The dot-com crash wiped out $5 trillion in market value of technology companies from March 2000 to October 2002. Communications companies, overburdened by massive amounts of debt, filed for bankruptcy.

WorldCom, run by Bernie Ebbers, was found to have used illegal accounting practices to overstate its profits by billions of dollars. The company's stock crashed when these irregularities were revealed, and within days it filed the largest corporate bankruptcy in U.S. history. Ebbers went to prison. Wall Street “analysts” were discredited; some were prosecuted for touting worthless stocks as buys.

The trigger for the collapse were Greenspan’s 6 interest-rate increases, culminating in a rate of 6% by late 2000. The collapse of the internet bubble, the resulting reduction in business activity and the increase in interest rates combined to push the country into recession. Alan Greenspan and George W. Bush have one thing in common: They don’t believe in recessions. Greenspan rapidly decreased the Fed discount rate from 6% to 3.5% by September 2001.

9/11 Attack

As Nicholas Taleb points out, human beings always try to rationalize a Black Swan event after the fact. But if it was predictable, it wouldn’t happen.

“A vicious black swan has an additional elusive property: Its very unexpectedness helps create the conditions for it to occur. Had a terrorist attack been a conceivable risk on Sept. 10, 2001, it would likely not have happened. Jet fighters would have been on alert to intercept hijacked planes, airplanes would have had locks on their cockpit doors, airports would have carefully checked all passenger luggage. None of that happened, of course, until after 9/11.”

Following the 9/11 attacks, the Fed voted to reduce the federal funds rate from 3.5% to 3.0%. As the Enron and other corporate scandals developed, the Fed dropped the federal funds rate to 1.0%, where they remained for over a year. Greenspan said this drop in rates would cause a surge in home sales and refinancing.
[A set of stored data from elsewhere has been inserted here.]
(* The pieces [f_i [0,1]] are pairwise disjoint except [f_2 [0,1]] and [f_3 [0,1]], whose overlap is
   [f_2 (f_4 [0,1]) = f_3 (f_1 [0,1])].  Stripping the common prefix of the two codings of a point of
   [U_2] therefore leaves a point [f_2 (f_4 z)] with [z] uniquely coded, so [U_2] is a countable union of
   similar copies of [U_1], while conversely [f_2 (f_4 U_1)] lies in [U_2].  Likewise
   [f_4 U_1 ⊆ U_1 ∩ (U_1 + 1 - λ) ⊆ U_1 + 1 - λ].  Null sets of the [s]-dimensional Hausdorff measure are
   preserved by similarities and countable unions, so the three sets have the same null exponents and
   hence the same Hausdorff dimension.  Points of [U_1 ∩ (U_1 + 1 - λ)] lie in [f_4 [0,1]], which is met
   by no other piece. *)

From Stdlib Require Import Reals Lra Lia Psatz List Classical IndefiniteDescription.
Open Scope R_scope.

Lemma Rpower_gt0 x s : 0 < Rpower x s.
Proof. apply exp_pos. Qed.

Lemma H_null_subset s (E F : R -> Prop) :
  (forall x, E x -> F x) -> H_null s F -> H_null s E.
Proof.
intros HEF HF eps delta Heps Hdelta.
destruct (HF eps delta Heps Hdelta) as (V & r & Hr & Hdiam & Hcover & Hsum).
exists V, r; split; [|split; [|split]]; auto.
Qed.

Lemma H_null_affine_image s a b (E : R -> Prop) : 0 < a -> H_null s E ->
  H_null s (fun x => exists y, E y /\ x = a * y + b).
Proof.
intros Ha HE eps delta Heps Hdelta.
set (C := Rpower a s); assert (HC : 0 < C) by apply Rpower_gt0.
destruct (HE (eps / C) (delta / a)) as (V & r & Hr & Hdiam & Hcover & Hsum);
  try (apply Rdiv_lt_0_compat; assumption).
exists (fun n x => exists y, V n y /\ x = a * y + b), (fun n => a * r n).
split; [|split; [|split]].
- intro n; specialize (Hr n); split; [apply Rmult_lt_0_compat; lra|].
  apply (Rmult_le_reg_l (/ a)); [now apply Rinv_0_lt_compat|].
  replace (/ a * (a * r n)) with (r n) by (field; lra).
  rewrite Rmult_comm; apply Hr.
- intros n x y [x' [Hx ->]] [y' [Hy ->]].
  replace (a * x' + b - (a * y' + b)) with (a * (x' - y')) by ring.
  rewrite Rabs_mult, (Rabs_right a) by lra.
  apply Rmult_le_compat_l; [lra | now apply Hdiam].
- intros x [y [Hy ->]]. destruct (Hcover y Hy) as [n Hn]. now exists n, y.
- intro N.
  replace (sum_f_R0 (fun n => Rpower (a * r n) s) N)
    with (C * sum_f_R0 (fun n => Rpower (r n) s) N).
  + apply (Rmult_le_reg_l (/ C)); [now apply Rinv_0_lt_compat|].
    rewrite <- Rmult_assoc, Rinv_l, Rmult_1_l by lra.
    rewrite Rmult_comm; apply Hsum.
  + rewrite scal_sum; apply sum_eq; intros n _.
    unfold C; rewrite <- Rpower_mult_distr; [ring | exact Ha | apply Hr].
Qed.

(* [pair_index k m = 2^k (2m+1) - 1]; it is decoded by reading off binary digits,
   and [S n] steps of fuel suffice to decode [n]. *)
Fixpoint pair_index (k m : nat) : nat :=
  match k with O => 2 * m | S k' => S (2 * pair_index k' m) end.

Fixpoint unpair_fuel (fuel n : nat) : option (nat * nat) :=
  match fuel with
  | O => None
  | S f => if Nat.even n then Some (O, Nat.div2 n)
           else option_map (fun p => (S (fst p), snd p)) (unpair_fuel f (Nat.div2 n))
  end.

Definition unpair (n : nat) : option (nat * nat) := unpair_fuel (S n) n.

Lemma even_succ_double m : Nat.even (S (2 * m)) = false.
Proof. rewrite <- Nat.add_1_r; apply Nat.even_odd. Qed.

Lemma div2_lt_succ n : (Nat.div2 (S n) < S n)%nat.
Proof. apply Nat.lt_div2; lia. Qed.

Lemma unpair_fuel_pair_index k m fuel :
  (pair_index k m < fuel)%nat -> unpair_fuel fuel (pair_index k m) = Some (k, m).
Proof.
revert fuel; induction k as [|k IHk]; intros [|fuel] Hfuel;
  cbn [pair_index unpair_fuel] in *; try lia.
- now rewrite Nat.even_even, Nat.div2_double.
- rewrite even_succ_double, Nat.div2_succ_double, IHk by lia; reflexivity.
Qed.

Lemma unpair_fuel_stable fuel fuel' n :
  (n < fuel)%nat -> (n < fuel')%nat -> unpair_fuel fuel n = unpair_fuel fuel' n.
Proof.
revert fuel' n; induction fuel as [|fuel IH]; intros [|fuel'] n H H'; try lia.
cbn [unpair_fuel]; destruct (Nat.even n) eqn:Heven; [reflexivity|].
destruct n as [|n]; [discriminate|].
pose proof (div2_lt_succ n); rewrite (IH fuel') by lia; reflexivity.
Qed.

Lemma unpair_fuel_defined fuel n : (n < fuel)%nat -> unpair_fuel fuel n <> None.
Proof.
revert n; induction fuel as [|fuel IH]; intros n H; [lia|].
cbn [unpair_fuel]; destruct (Nat.even n) eqn:Heven; [discriminate|].
destruct n as [|n]; [discriminate|].
pose proof (div2_lt_succ n).
destruct (unpair_fuel fuel _) eqn:Hp; [discriminate|].
exfalso; exact (IH (Nat.div2 (S n)) ltac:(lia) Hp).
Qed.

Lemma sum_f_R0_le_more (F : nat -> R) N M :
  (forall n, 0 <= F n) -> (N <= M)%nat -> sum_f_R0 F N <= sum_f_R0 F M.
Proof.
intros HF HNM; induction HNM as [|M _ IH]; [lra|].
simpl; specialize (HF (S M)); lra.
Qed.

Lemma sum_f_R0_even_odd (F : nat -> R) N :
  sum_f_R0 F (S (2 * N)) =
  sum_f_R0 (fun m => F (2 * m)%nat) N + sum_f_R0 (fun m => F (S (2 * m))) N.
Proof.
induction N as [|N IH]; [simpl; ring|].
replace (S (2 * S N)) with (S (S (S (2 * N)))) by lia.
change (sum_f_R0 F (S (S (S (2 * N)))))
  with (sum_f_R0 F (S (2 * N)) + F (S (S (2 * N))) + F (S (S (S (2 * N))))).
rewrite IH; cbn [sum_f_R0].
replace (2 * S N)%nat with (S (S (2 * N))) by lia.
ring.
Qed.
But Americans extracted $3 trillion in equity from their homes and spent it on BMWs, HDTVs, exotic vacations and whatever other hedonistic pursuits that appealed to them.

The national reaction to the 9/11 disaster was one of unity of purpose. We wanted to find and punish the terrorists that caused this tragedy. A call for national sacrifice would not have gone unanswered. Instead, George Bush and Alan Greenspan encouraged Americans to teach the terrorists a lesson by spending. In June of 2001, prior to the attacks, a $1.35 trillion tax cut was enacted, including $50 billion in rebate checks.

After the attacks, General Motors (GM) showed their patriotic spirit by offering 0% financing on all cars. Big-ticket retailers offered easy credit and extended terms, so that everyone could have a flatscreen HDTV - and worry about paying later. Consumers went into a buying frenzy that didn’t stop until credit evaporated in 2008.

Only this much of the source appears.